Lessons that cost time in agent sessions — read before exercising uv run assembly by hand:

  • Web/remote containers are fully provisioned at session start (.claude/hooks/session-start.sh): system deps, markdownlint/prettier, and the Go gate binaries (actionlint, gitleaks) are installed at CI's pinned versions, so ./scripts/check.sh enforces the same gates CI does — a gate that "self-skips locally" should not be skipping in a web session. If one is, read /tmp/session-start.log to see what failed to provision. Keep the hook's stdout terse (one line per step) — it is injected into the agent's context every session.
  • Probe network reachability first. Remote/sandboxed environments often allowlist PyPI but block api.assemblyai.com / streaming.assemblyai.com / llm-gateway.assemblyai.com (curl -s https://api.assemblyai.com/v2/transcript -H "authorization: $ASSEMBLYAI_API_KEY" returning a proxy 403 like "Host not in allowlist" means no real-API path can work — test error handling and --show-code instead of burning time on happy paths).
  • Isolate the config dir per test run.
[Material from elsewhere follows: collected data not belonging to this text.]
Lemma edge_component x y : adj x y ->
  exists R, config (fun z => z = x \/ z = y) (x :: nil) (y :: nil) R.
Proof.
  intros Hxy. set (K := fun z : V => z = x).
  assert (HKy : ~ K y) by (intros E; unfold K in E; subst; apply (adj_irrefl x); auto).
  pose proof (component_of_component K y HKy) as HQ.
  assert (HQx : ~ component_of K y x) by (intros H; apply (proj1 (proj2 HQ) x H); reflexivity).
  destruct (split_at_vertex K (component_of K y) (x :: nil) y HQ) as (R & HR & HRQ & HRx & HRy).
  - intros a [<-|[]]. reflexivity.
  - apply rt_refl.
  - apply (inf_edges_mono _ _ _ _ (component_inf_edges K _ x HQ HQx)); auto.
    intros w Hw. left; auto.
  - apply fin_edges_nonadj. intros r w _ (Hw & HwA) _. apply HwA. left; auto.
  - exists R. split_config; auto.
    + intros a [<-|[]]. left; auto.
    + intros a [<-|[]]. right; auto.
    + intros a [<-|[]] [E|[]]. subst. apply HKy. reflexivity.
    + apply (inf_edges_mono _ _ _ _ HRy); auto. intros w ->. left; auto.
    + apply fin_edges_nonadj. intros r w _ ([Hw|Hw] & HwA & HwB) _;
        [apply HwA | apply HwB]; left; auto.
Qed.

Lemma initial_configs : (exists u v : V, u <> v) ->
  exists W A B Cp Cm, config W B A Cp /\ config W B A Cm /\ (forall v, Cp v -> Cm v -> False) /\
    A <> nil /\ B <> nil /\ list_connected A /\ list_connected B /\
    (exists x y, In x A /\ In y B /\ adj x y).
Proof.
  intros (u & v & Huv).
  destruct (rtc_neq_step _ u v (inf_edge_conn nil u v) Huv) as (x & y & [Hxy _]).
  destruct (edge_component x y Hxy) as (R & HI).
  destruct (config_split _ _ _ _ HI)
    as (Z & R1 & R2 & HZn & HZC & HZconn & (z & a & Hz & [<-|[]] & Hza) & _ & HI1 & HI2 & _ & _ & H12).
  assert (HZxy : forall w, In w (x :: y :: nil) -> ~ In w Z).
  { intros w Hw HwZ. apply (proj1 (proj2 (proj1 (proj2 (proj2 (proj2 HI))))) w (HZC w HwZ)).
    destruct Hw as [<-|[<-|[]]]; auto. }
  assert (HxyW : forall w, In w (x :: y :: nil) -> extend (fun z => z = x \/ z = y) Z w).
  { intros w [<-|[<-|[]]]; left; auto. }
  exists (extend (fun z => z = x \/ z = y) Z), (x :: y :: nil), Z, R1, R2.
  split; [|split; [|split; [|split; [|split; [|split; [|split]]]]]].
  - apply config_sym, (config_widen _ (x :: nil)); auto. intros w [<-|[]]; left; auto.
  - apply config_sym, (config_widen _ _ _ _ _ (config_sym _ _ _ _ HI2)); auto.
    intros w [<-|[]]; right; left; auto.
  - auto.
  - discriminate.
  - auto.
  - apply edge_list_connected; auto.
  - auto.
  - exists x, z. split; [left|]; auto.
Qed.

(** * The tree of splittings *)

Record node := Node { nW : V -> Prop; nL : list V; nR : list V; nC : V -> Prop }.
Record splitting := Splitting { sZ : list V; sR1 : V -> Prop; sR2 : V -> Prop }.

Definition node_config (n : node) : Prop := config (nW n) (nL n) (nR n) (nC n).

Definition node_splits (n : node) (o : splitting) : Prop :=
  config_splits (nW n) (nL n) (nR n) (nC n) (sZ o) (sR1 o) (sR2 o).

Lemma node_split_exists n : exists o, node_config n -> node_splits n o.
Proof.
  destruct (classic (node_config n)) as [H|H].
  - destruct (config_split _ _ _ _ H) as (Z & R1 & R2 & HS). exists (Splitting Z R1 R2). auto.
  - exists (Splitting nil (fun _ => False) (fun _ => False)). contradiction.
Qed.

Definition split_of (n : node) : splitting :=
  proj1_sig (constructive_indefinite_description _ (node_split_exists n)).

Lemma split_of_spec n : node_config n -> node_splits n (split_of n).
Proof. unfold split_of. destruct (constructive_indefinite_description _ _); auto. Qed.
The CLI persists profiles in platformdirs-resolved config.toml (e.g. ~/.config/assemblyai/). Concurrent or destructive manual tests (corrupt-config probes, profile/env switches) stomp each other through that shared file — set XDG_CONFIG_HOME=$(mktemp -d) per run instead.
  • Write scratch output to /tmp, never the repo root. Redirects like cmd > out.txt in the repo show up as untracked files and trip commit hooks/gates.
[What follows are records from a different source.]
(* Let $-1<\nu\leq 0$ and let $j_{\nu,1}$ denote the first positive zero of the Bessel function $J_\nu$ of the first kind. Let $p,q\in\mathbb{R}$. Then the inequalities $$(1-p)\mathcal{J}_{\nu+1}(x)+p\frac{\mathcal{J}_{\nu+1}(x)}{\mathcal{J}_{\nu}(x)}>1>(1-q)\mathcal{J}_{\nu+1}(x)+q\frac{\mathcal{J}_{\nu+1}(x)}{\mathcal{J}_{\nu}(x)}$$ hold for all $x\in(0,j_{\nu,1})$ if and only if $p\geq\frac{\nu+1}{\nu+2}$ and $q\leq 0$.
   Context: For $\mu>-1$, $J_\mu(x)=\sum_{n\geq0}\frac{(-1)^n (x/2)^{\mu+2n}}{n!\,\Gamma(\mu+n+1)}$ is the Bessel function of the first kind, and $\mathcal{J}_\mu:\mathbb{R}\to\mathbb{R}$ is the normalized Bessel function $$\mathcal{J}_{\mu}(x)=2^{\mu}\Gamma(\mu+1)x^{-\mu}J_{\mu}(x)=\sum_{n\geq0}\frac{(-1/4)^n}{(\mu+1)_n\, n!}x^{2n},$$ where $(\mu+1)_n=\Gamma(\mu+n+1)/\Gamma(\mu+1)$ is the Pochhammer symbol. In particular $\mathcal{J}_{-1/2}(x)=\cos x$, $\mathcal{J}_{1/2}(x)=\frac{\sin x}{x}$, and $j_{-1/2,1}=\pi/2$. *)

From Stdlib Require Import Reals ClassicalEpsilon Arith Factorial.
Open Scope R_scope.

Fixpoint poch (a : R) (n : nat) : R :=
  match n with
  | O => 1
  | S k => poch a k * (a + INR k)
  end.

Definition nbessel_term (mu x : R) (n : nat) : R :=
  (-1/4) ^ n / (poch (mu + 1) n * INR (fact n)) * x ^ (2 * n).

(* Normalized Bessel function: the sum of the (everywhere convergent) series. *)
Definition nbessel (mu x : R) : R :=
  epsilon (inhabits 0) (fun l => infinite_sum (nbessel_term mu x) l).

From Stdlib Require Import Reals Lra Lia ClassicalEpsilon Factorial.
From Coquelicot Require Import Coquelicot.
Open Scope R_scope.

(* Write b = J_nu(x), a = J_(nu+1)(x) and r = (nu+1)/(nu+2).  On (0, j) we have 0 < b < a < 1,
   and the mixture (1-s) a + s a/b exceeds 1 exactly when s exceeds
   R(x) = b (1-a) / (a (1-b)).  So the theorem says that R takes values in (0, r) with infimum 0
   and supremum r.  The infimum is the value R(j) = 0 at the zero of J_nu, by continuity.  The
   bound R < r is the growth of r (1/J_nu - 1) - (1/J_(nu+1) - 1), which follows from b < a and
   the Turan-type inequality J_nu J_(nu+2) <= J_(nu+1)^2 (valid for nu <= 0); and R -> r as
   x -> 0 because 1 - J_mu(x) ~ x^2/(4(mu+1)).  Everything about J comes from its power series in
   x^2, the derivative J_mu' = -x/(2(mu+1)) J_(mu+1) and the recurrence
   J_mu = J_(mu+1) - x^2/(4(mu+1)(mu+2)) J_(mu+2). *)

Definition bessel_coef (m : R) (n : nat) : R :=
  (-1/4) ^ n / (poch (m + 1) n * INR (fact n)).

Lemma poch_pos a n : 0 < a -> 0 < poch a n.
Proof.
  intros Ha; induction n as [|n IH]; simpl; [lra|].
  apply Rmult_lt_0_compat; [exact IH|]. pose proof (pos_INR n); lra.
Qed.

Lemma poch_succ a n : poch a (S n) = a * poch (a + 1) n.
Proof.
  induction n as [|n IH]; [simpl; ring|].
  change (poch a (S (S n))) with (poch a (S n) * (a + INR (S n))).
  rewrite IH; cbn [poch]; rewrite S_INR; ring.
Qed.

Lemma bessel_coef_neq0 m n : -1 < m -> bessel_coef m n <> 0.
Proof.
  intros Hm; unfold bessel_coef.
  pose proof (poch_pos (m + 1) n ltac:(lra)); pose proof (INR_fact_lt_0 n).
  apply Rmult_integral_contrapositive; split.
  - apply pow_nonzero; lra.
  - apply Rinv_neq_0_compat; nra.
Qed.

Lemma bessel_coef_S m n : -1 < m ->
  bessel_coef m (S n) = - bessel_coef m n / (4 * ((m + 1 + INR n) * (INR n + 1))).
Proof.
  intros Hm; unfold bessel_coef; cbn [poch pow].
  rewrite fact_simpl, mult_INR, S_INR.
  pose proof (poch_pos (m + 1) n ltac:(lra)); pose proof (INR_fact_lt_0 n).
  pose proof (pos_INR n).
  field; repeat split; lra.
Qed.

Lemma CV_radius_bessel_coef m : -1 < m -> CV_radius (bessel_coef m) = p_infty.
Proof.
  intros Hm; apply CV_radius_infinite_DAlembert; [intro n; exact (bessel_coef_neq0 m n Hm)|].
  apply is_lim_seq_le_le with (u := fun _ => 0)
    (w := fun n => / (4 * (m + 1)) * / INR (S n)).
  - intro n; rewrite bessel_coef_S, S_INR by exact Hm.
    pose proof (bessel_coef_neq0 m n Hm); pose proof (pos_INR n).
    assert (Hd : 0 < 4 * ((m + 1 + INR n) * (INR n + 1))) by nra.
    replace (- bessel_coef m n / (4 * ((m + 1 + INR n) * (INR n + 1))) / bessel_coef m n)
      with (- / (4 * ((m + 1 + INR n) * (INR n + 1)))) by (field; lra).
    rewrite Rabs_Ropp, Rabs_pos_eq by (left; apply Rinv_0_lt_compat; exact Hd).
    split; [left; apply Rinv_0_lt_compat; exact Hd|].
    rewrite <- Rinv_mult; apply Rinv_le_contravar; nra.
  - apply is_lim_seq_const.
  - replace (Finite 0) with (Rbar_mult (/ (4 * (m + 1))) (Rbar_inv p_infty))
      by (simpl; f_equal; ring).
    apply is_lim_seq_scal_l, (is_lim_seq_incr_1 (fun n => / INR n)).
    apply is_lim_seq_inv; [apply is_lim_seq_INR | discriminate].
Qed.

Lemma ex_pseries_bessel_coef m y : -1 < m -> ex_pseries (bessel_coef m) y.
Proof.
  intros Hm; apply CV_radius_inside; rewrite CV_radius_bessel_coef by exact Hm; exact I.
Qed.

Lemma nbessel_PSeries m x : -1 < m -> nbessel m x = PSeries (bessel_coef m) (x ^ 2).
Proof.
  intros Hm.
  assert (Hsum : infinite_sum (nbessel_term m x) (PSeries (bessel_coef m) (x ^ 2))).
  { apply is_series_Reals; eapply is_series_ext;
      [|exact (PSeries_correct _ _ (ex_pseries_bessel_coef m (x ^ 2) Hm))].
    intro n; unfold nbessel_term; rewrite pow_n_pow, pow_mult; apply Rmult_comm. }
  apply uniqueness_sum with (nbessel_term m x); [|exact Hsum].
  unfold nbessel; apply epsilon_spec; exists (PSeries (bessel_coef m) (x ^ 2)); exact Hsum.
Qed.

Lemma nbessel_0 m : -1 < m -> nbessel m 0 = 1.
Proof.
  intros Hm; rewrite nbessel_PSeries, pow_i, PSeries_0 by (lra || lia).
  unfold bessel_coef; simpl; field.
Qed.

Lemma PS_derive_bessel_coef m n : -1 < m ->
  PS_derive (bessel_coef m) n = - / (4 * (m + 1)) * bessel_coef (m + 1) n.
Proof.
  intros Hm; unfold PS_derive, bessel_coef.
  rewrite poch_succ, fact_simpl, mult_INR, S_INR.
  pose proof (poch_pos (m + 1 + 1) n ltac:(lra)); pose proof (INR_fact_lt_0 n).
  pose proof (pos_INR n).
  simpl pow; field; repeat split; lra.
Qed.

Lemma is_derive_nbessel m x : -1 < m ->
  is_derive (nbessel m) x (- x / (2 * (m + 1)) * nbessel (m + 1) x).
Proof.
  intros Hm.
  apply is_derive_ext with (fun t => PSeries (bessel_coef m) (t ^ 2));
    [intro t; rewrite nbessel_PSeries by exact Hm; reflexivity|].
  rewrite (nbessel_PSeries (m + 1)) by lra.
  replace (- x / (2 * (m + 1)) * PSeries (bessel_coef (m + 1)) (x ^ 2))
    with (scal (2 * x) (PSeries (PS_derive (bessel_coef m)) (x ^ 2))).
  - apply (is_derive_comp (PSeries (bessel_coef m)) (fun t => t ^ 2)).
    + apply is_derive_PSeries; rewrite CV_radius_bessel_coef by exact Hm; exact I.
    + auto_derive; [exact I | ring].
  - rewrite (PSeries_ext _ (PS_scal (- / (4 * (m + 1))) (bessel_coef (m + 1)))), PSeries_scal.
    + unfold scal; simpl; unfold mult; simpl; field; lra.
    + intro n; apply PS_derive_bessel_coef, Hm.
Qed.

Lemma nbessel_recurrence m x : -1 < m ->
  nbessel m x = nbessel (m + 1) x - x ^ 2 / (4 * (m + 1) * (m + 2)) * nbessel (m + 2) x.
Proof.
  intros Hm; rewrite !nbessel_PSeries by lra.
  set (k := - / (4 * (m + 1) * (m + 2))).
  transitivity (PSeries (PS_plus (bessel_coef (m + 1))
                                 (PS_scal k (PS_incr_1 (bessel_coef (m + 2))))) (x ^ 2)).
  - apply PSeries_ext; intros [|n];
      unfold PS_plus, PS_scal, PS_incr_1, plus, scal, zero, mult; cbn -[pow poch fact INR];
      unfold bessel_coef, k.
    + simpl; field; lra.
    + replace (m + 2) with (m + 1 + 1) by ring.
      set (P := poch (m + 1 + 1) n).
      assert (HP : 0 < P) by (apply poch_pos; lra).
      assert (E : poch (m + 1 + 1 + 1) n = P * (m + 1 + 1 + INR n) / (m + 1 + 1)).
      { change (P * (m + 1 + 1 + INR n)) with (poch (m + 1 + 1) (S n)).
        rewrite poch_succ; field; lra. }
      rewrite E, poch_succ; change (poch (m + 1 + 1) (S n)) with (P * (m + 1 + 1 + INR n)).
      rewrite fact_simpl, mult_INR, S_INR.
      pose proof (INR_fact_lt_0 n); pose proof (pos_INR n).
      fold P; simpl pow; field; repeat split; lra.
  - rewrite PSeries_plus, PSeries_scal, PSeries_incr_1.
    + unfold k; simpl; field; lra.
    + apply ex_pseries_bessel_coef; lra.
    + apply ex_pseries_scal; [apply Rmult_comm|].
      apply ex_pseries_incr_1, ex_pseries_bessel_coef; lra.
Qed.

Lemma ex_derive_nbessel m x : -1 < m -> ex_derive (nbessel m) x.
Proof. intros Hm; eexists; apply is_derive_nbessel, Hm. Qed.

Lemma Derive_nbessel m x : -1 < m ->
  Derive (nbessel m) x = - x / (2 * (m + 1)) * nbessel (m + 1) x.
Proof. intros Hm; apply is_derive_unique, is_derive_nbessel, Hm. Qed.

Lemma continuity_pt_nbessel m x : -1 < m -> continuity_pt (nbessel m) x.
Proof.
  intros Hm; apply continuity_pt_filterlim, (ex_derive_continuous (nbessel m)).
  apply ex_derive_nbessel, Hm.
Qed.

Lemma increasing_of_derive_pos f f' a b : a < b ->
  (forall c, a <= c <= b -> is_derive f c (f' c)) ->
  (forall c, a < c < b -> 0 < f' c) -> f a < f b.
Proof.
  intros Hab Hd Hpos.
  destruct (MVT_cor2 f f' a b Hab) as [c [Hc Hcab]];
    [intros c Hc; apply is_derive_Reals, Hd, Hc|].
  pose proof (Hpos c Hcab); nra.
Qed.

Lemma nondecreasing_of_derive_nonneg f f' a b : a < b ->
  (forall c, a <= c <= b -> is_derive f c (f' c)) ->
  (forall c, a < c < b -> 0 <= f' c) -> f a <= f b.
Proof.
  intros Hab Hd Hpos.
  destruct (MVT_cor2 f f' a b Hab) as [c [Hc Hcab]];
    [intros c Hc; apply is_derive_Reals, Hd, Hc|].
  pose proof (Hpos c Hcab); nra.
Qed.

Lemma continuity_pt_gt_near f x0 l : continuity_pt f x0 -> l < f x0 ->
  exists d, 0 < d /\ forall x, Rabs (x - x0) < d -> l < f x.
Proof.
  intros Hc Hl; destruct (Hc (f x0 - l)) as [d [Hd Hnear]]; [lra|].
  exists d; split; [exact Hd|]; intros x Hx.
  destruct (Req_dec x x0) as [->|Hne]; [exact Hl|].
  assert (Hfx : Rabs (f x - f x0) < f x0 - l) by (apply Hnear; repeat split; auto).
  apply Rabs_def2 in Hfx; lra.
Qed.

Lemma continuity_pt_lt_near f x0 l : continuity_pt f x0 -> f x0 < l ->
  exists d, 0 < d /\ forall x, Rabs (x - x0) < d -> f x < l.
Proof.
  intros Hc Hl.
  destruct (continuity_pt_gt_near (- f)%F x0 (- l)) as [d [Hd Hnear]];
    [apply continuity_pt_opp, Hc | unfold opp_fct; lra |].
  exists d; split; [exact Hd|]; intros x Hx; specialize (Hnear x Hx); unfold opp_fct in Hnear; lra.
Qed.

Lemma nbessel_pos_of_neq0 m z : -1 < m ->
  (forall x, 0 < x < z -> nbessel m x <> 0) -> forall x, 0 < x < z -> 0 < nbessel m x.
Proof.
  intros Hm Hneq x Hx.
  destruct (Rlt_le_dec 0 (nbessel m x)) as [|Hle]; [assumption|exfalso].
  assert (Hneg : nbessel m x < 0) by (destruct Hle; [assumption | exfalso; now apply (Hneq x)]).
  destruct (IVT (fun t => - nbessel m t) 0 x) as [y [Hy Hy0]].
  - intro t; apply (continuity_pt_opp (nbessel m)), continuity_pt_nbessel, Hm.
  - lra.
  - rewrite nbessel_0 by exact Hm; lra.
  - lra.
  - assert (y <> 0) by (intros ->; rewrite nbessel_0 in Hy0 by exact Hm; lra).
    apply (Hneq y); lra.
Qed.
  • Headless boxes have no mic/speakers/browser. assembly stream/assembly agent mic paths and assembly login's browser flow can't complete; wrap exploratory runs in timeout 30 … so a blocking path can't wedge the session. For pytest, --timeout N (pytest-timeout, in the dev group) does the same per-test.

Conventions

  • from __future__ import annotations at the top of every module; modern typing (X | None).
  • Ruff lint set: see [tool.ruff.lint] in pyproject.toml. S603/S607 are ignored project-wide because the CLI intentionally shells out to claude/npx with controlled args. B008 is ignored (Typer uses typer.Option/Argument calls as defaults).
  • mypy is strict on aai_cli (disallow_untyped_defs); tests are type-checked but exempt from return annotations.
  • Errors → stderr, data → stdout. Preserve this split; it's what makes the CLI pipeline-safe.
  • Help copy is terse and period-less (Codex-CLI style): one-line command summaries (the docstring's first line) and single-sentence option/argument help= strings are imperative, sentence-case, and carry no trailing period"Burn always-visible captions into a video", not "…video.". Only genuinely multi-sentence help (e.g. "X. Default: Y.") keeps normal punctuation. The strings render in assembly --help, so they're pinned by the syrupy --help goldens (tests/__snapshots__/test_snapshots_help_*.ambr) — regenerate with --snapshot-update, never hand-edit. Don't drop the period on internal helper docstrings (they aren't snapshot-covered, so the mutation gate would flag the changed line).
  • Deprecate flags with hidden traps, not removal: keep the old flag parsing (hidden=True), emit a one-line "use X instead" warning, and drop it a release or two later — never hard-break a script mid-cycle. login --api-key (→ --with-api-key) is the pattern to copy.
  • Secrets never ride argv: a key/token-valued option must read from stdin (--with-api-key) or the env, so it can't leak into shell history or ps. Run commands deliberately have no --api-key at all.
  • Every NDJSON stream line carries a "type" field (see REFERENCE.md "JSON output"); new event types are additive, existing fields stay stable.